_Exercise goal_:
Please transcribe exactly, and only, the lines of the data below between the line holding "[lam + 2 min" and the line holding "Proof. by rewrite", inclusive.

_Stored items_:
*** Begin section ***

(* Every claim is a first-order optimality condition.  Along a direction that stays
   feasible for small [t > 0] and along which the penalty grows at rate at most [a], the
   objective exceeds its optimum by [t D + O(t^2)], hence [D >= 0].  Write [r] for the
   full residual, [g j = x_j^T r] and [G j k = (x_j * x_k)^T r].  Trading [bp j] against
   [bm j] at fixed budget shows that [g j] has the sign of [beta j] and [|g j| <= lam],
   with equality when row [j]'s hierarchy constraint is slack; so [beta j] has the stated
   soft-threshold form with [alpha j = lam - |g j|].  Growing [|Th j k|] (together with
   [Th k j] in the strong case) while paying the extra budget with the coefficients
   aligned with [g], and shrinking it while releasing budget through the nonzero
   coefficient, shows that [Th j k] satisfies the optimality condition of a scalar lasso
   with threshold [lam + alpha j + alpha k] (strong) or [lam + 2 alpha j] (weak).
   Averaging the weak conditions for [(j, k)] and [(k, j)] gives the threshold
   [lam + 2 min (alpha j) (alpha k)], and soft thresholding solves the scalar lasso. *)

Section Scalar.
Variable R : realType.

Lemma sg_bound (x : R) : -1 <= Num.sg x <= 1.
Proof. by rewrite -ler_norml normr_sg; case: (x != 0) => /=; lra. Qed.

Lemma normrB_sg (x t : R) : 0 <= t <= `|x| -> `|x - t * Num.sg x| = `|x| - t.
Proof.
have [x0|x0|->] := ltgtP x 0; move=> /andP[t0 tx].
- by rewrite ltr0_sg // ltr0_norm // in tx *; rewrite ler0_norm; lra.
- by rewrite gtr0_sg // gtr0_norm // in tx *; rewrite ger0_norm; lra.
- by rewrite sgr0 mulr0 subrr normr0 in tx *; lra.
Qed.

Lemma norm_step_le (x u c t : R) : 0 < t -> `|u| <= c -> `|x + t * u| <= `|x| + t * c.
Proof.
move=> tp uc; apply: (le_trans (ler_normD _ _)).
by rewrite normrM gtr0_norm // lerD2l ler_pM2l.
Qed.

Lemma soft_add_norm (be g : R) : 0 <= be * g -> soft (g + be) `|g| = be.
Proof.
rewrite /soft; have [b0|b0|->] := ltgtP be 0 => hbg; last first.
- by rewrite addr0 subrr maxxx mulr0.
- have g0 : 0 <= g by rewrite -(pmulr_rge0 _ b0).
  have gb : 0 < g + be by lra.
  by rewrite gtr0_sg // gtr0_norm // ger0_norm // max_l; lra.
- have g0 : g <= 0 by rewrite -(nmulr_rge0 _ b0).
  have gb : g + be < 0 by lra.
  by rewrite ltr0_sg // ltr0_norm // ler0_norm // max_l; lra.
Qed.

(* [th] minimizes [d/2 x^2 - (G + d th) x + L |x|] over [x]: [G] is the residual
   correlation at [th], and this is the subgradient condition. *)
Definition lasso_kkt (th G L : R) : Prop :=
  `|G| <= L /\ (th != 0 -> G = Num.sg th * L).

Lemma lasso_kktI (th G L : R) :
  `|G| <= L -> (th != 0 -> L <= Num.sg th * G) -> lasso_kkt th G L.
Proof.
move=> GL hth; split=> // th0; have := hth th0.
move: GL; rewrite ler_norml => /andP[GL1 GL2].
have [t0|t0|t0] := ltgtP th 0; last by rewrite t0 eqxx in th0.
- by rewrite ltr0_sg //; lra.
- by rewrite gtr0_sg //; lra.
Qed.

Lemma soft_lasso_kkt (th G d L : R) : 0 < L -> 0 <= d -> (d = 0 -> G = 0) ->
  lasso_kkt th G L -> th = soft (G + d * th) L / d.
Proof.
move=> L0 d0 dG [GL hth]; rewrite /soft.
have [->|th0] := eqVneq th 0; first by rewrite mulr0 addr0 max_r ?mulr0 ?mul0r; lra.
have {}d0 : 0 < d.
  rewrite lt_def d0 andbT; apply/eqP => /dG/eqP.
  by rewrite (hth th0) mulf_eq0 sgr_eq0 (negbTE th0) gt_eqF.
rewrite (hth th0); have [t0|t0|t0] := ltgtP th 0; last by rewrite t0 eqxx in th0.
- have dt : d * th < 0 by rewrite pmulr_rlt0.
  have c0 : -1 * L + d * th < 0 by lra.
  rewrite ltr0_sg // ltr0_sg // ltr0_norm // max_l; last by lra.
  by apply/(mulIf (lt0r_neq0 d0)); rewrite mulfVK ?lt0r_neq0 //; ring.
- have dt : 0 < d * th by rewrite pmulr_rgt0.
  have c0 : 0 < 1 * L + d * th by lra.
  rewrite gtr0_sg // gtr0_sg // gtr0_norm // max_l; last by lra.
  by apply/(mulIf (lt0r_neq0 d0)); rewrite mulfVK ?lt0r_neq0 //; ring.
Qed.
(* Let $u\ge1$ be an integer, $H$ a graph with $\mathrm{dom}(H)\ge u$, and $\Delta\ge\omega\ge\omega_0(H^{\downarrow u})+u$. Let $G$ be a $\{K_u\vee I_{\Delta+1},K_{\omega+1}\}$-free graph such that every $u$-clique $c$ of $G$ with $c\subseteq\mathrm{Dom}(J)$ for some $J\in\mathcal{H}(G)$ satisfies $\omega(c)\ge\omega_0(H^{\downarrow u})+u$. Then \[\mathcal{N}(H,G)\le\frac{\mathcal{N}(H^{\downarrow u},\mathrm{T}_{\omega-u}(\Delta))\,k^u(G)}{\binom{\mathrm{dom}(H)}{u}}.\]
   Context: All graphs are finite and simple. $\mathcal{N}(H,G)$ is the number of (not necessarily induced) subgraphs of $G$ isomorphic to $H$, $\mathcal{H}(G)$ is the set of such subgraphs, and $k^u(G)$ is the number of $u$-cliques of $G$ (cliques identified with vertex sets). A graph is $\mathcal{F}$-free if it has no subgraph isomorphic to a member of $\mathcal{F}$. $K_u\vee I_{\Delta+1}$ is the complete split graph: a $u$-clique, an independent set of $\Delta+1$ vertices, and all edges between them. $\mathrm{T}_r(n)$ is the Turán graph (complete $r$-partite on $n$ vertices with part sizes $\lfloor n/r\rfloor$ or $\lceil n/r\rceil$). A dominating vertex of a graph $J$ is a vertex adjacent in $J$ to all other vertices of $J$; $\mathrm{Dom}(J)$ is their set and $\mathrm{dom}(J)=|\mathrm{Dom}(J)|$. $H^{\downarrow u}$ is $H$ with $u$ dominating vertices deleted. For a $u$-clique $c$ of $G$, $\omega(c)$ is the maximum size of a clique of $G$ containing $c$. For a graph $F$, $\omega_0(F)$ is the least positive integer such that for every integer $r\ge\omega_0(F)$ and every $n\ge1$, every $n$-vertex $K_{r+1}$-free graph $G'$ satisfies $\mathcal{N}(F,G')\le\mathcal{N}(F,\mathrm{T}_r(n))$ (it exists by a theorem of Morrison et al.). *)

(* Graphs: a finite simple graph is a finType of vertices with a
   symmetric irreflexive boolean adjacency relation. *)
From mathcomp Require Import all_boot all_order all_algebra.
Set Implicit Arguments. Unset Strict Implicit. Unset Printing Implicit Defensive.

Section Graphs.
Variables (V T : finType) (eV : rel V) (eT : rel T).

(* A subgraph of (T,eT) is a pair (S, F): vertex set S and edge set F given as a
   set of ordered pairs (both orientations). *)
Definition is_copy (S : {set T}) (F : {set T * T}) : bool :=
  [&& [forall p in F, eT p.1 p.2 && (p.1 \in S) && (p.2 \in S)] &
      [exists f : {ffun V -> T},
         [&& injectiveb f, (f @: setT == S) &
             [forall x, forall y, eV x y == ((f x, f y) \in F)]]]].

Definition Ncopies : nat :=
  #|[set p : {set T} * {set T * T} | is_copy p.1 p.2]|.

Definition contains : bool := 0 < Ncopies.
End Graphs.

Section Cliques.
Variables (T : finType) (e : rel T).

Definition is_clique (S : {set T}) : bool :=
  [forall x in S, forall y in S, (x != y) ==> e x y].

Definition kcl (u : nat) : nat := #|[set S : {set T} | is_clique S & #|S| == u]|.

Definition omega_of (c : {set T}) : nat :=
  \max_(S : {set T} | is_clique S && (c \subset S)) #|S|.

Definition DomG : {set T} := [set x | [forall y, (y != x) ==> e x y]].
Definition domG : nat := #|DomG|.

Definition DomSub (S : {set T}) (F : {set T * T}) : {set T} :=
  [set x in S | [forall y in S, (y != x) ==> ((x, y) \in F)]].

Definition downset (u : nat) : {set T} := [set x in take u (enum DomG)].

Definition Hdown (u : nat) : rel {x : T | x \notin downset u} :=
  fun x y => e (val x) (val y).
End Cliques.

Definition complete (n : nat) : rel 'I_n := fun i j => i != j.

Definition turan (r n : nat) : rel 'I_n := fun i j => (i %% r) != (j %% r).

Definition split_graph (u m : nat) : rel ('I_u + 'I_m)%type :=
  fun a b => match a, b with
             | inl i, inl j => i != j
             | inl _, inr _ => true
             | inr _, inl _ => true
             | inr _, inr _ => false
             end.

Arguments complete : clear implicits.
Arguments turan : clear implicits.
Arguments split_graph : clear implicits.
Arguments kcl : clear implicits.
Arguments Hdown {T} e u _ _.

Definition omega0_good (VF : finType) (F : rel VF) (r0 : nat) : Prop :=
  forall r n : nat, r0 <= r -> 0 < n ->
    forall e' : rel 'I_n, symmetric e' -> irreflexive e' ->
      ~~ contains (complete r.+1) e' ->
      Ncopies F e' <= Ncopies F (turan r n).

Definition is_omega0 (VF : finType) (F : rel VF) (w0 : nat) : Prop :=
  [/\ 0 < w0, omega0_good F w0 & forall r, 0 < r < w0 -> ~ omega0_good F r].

*** End section ***

_Expected answer_:
   [lam + 2 min (alpha j) (alpha k)], and soft thresholding solves the scalar lasso. *)

Section Scalar.
Variable R : realType.

Lemma sg_bound (x : R) : -1 <= Num.sg x <= 1.
Proof. by rewrite -ler_norml normr_sg; case: (x != 0) => /=; lra. Qed.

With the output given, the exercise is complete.